=== TASK INSTRUCTIONS ===
Write out exactly, and only, the lines from the one containing "From HB Require Import structures." through the last line of the listing below.

____ INFORMATION SHOWN

(* Let $A=\bigoplus_{j=1}^k M_{n_j}(\mathbb{C})$ and $B=\bigoplus_{j=1}^l M_{m_j}(\mathbb{C})$, and let $\phi:A\to B$ be an injective unital *-homomorphism. If $\phi$ is an $L_{\min}$-embedding, then $\operatorname{mult}_\phi(M_{n_j}(\mathbb{C}))=1$ for each $j=1,\dots,k$.
   Context: For a unital C*-algebra $D$, $\rho_{\min}^D(x)=\inf\{\|x-p\|: p\in D \text{ a minimal projection}\}$, where a minimal projection is a nonzero $p=p^2=p^*$ such that any projection $q$ with $qp=q$ satisfies $q=0$ or $q=p$. $L_{\min}$ is the language of unital C*-algebras with an extra unary predicate $P_{\min}$ interpreted in each algebra $D$ as $\rho_{\min}^D$; an $L_{\min}$-embedding is an injective unital *-homomorphism $\phi$ with $\rho_{\min}^B(\phi(a))=\rho_{\min}^A(a)$ for all $a\in A$. For an embedding $\phi:A\to B$, $E_\phi(n_i,m_j)$ denotes the multiplicity with which $\phi$ embeds the summand $M_{n_i}(\mathbb{C})$ of $A$ into the summand $M_{m_j}(\mathbb{C})$ of $B$ (i.e. the partial map $M_{n_i}(\mathbb{C})\to M_{m_j}(\mathbb{C})$ obtained by restricting and projecting is unitarily conjugate to $x\mapsto x\otimes 1_{E_\phi(n_i,m_j)}$ plus zero), and $\operatorname{mult}_\phi(M_{n_i}(\mathbb{C}))=\sum_{j=1}^l E_\phi(n_i,m_j)$. *)

From HB Require Import structures.
From mathcomp Require Import all_boot all_order all_algebra.
From mathcomp Require Import boolp classical_sets reals.
From mathcomp Require Import complex.
Set Implicit Arguments. Unset Strict Implicit. Unset Printing Implicit Defensive.
Import Order.TTheory GRing.Theory Num.Theory.
Local Open Scope ring_scope.

Section FDCstar.
Variable R : realType.
Local Notation C := (complex R).

Definition cabs2 (z : C) : R := (complex.Re z) ^+ 2 + (complex.Im z) ^+ 2.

________

=== SOLVED PROBLEM ===
From HB Require Import structures.
From mathcomp Require Import all_boot all_order all_algebra.
From mathcomp Require Import boolp classical_sets reals.
From mathcomp Require Import complex.
Set Implicit Arguments. Unset Strict Implicit. Unset Printing Implicit Defensive.
Import Order.TTheory GRing.Theory Num.Theory.
Local Open Scope ring_scope.

Section FDCstar.
Variable R : realType.
Local Notation C := (complex R).

Definition cabs2 (z : C) : R := (complex.Re z) ^+ 2 + (complex.Im z) ^+ 2.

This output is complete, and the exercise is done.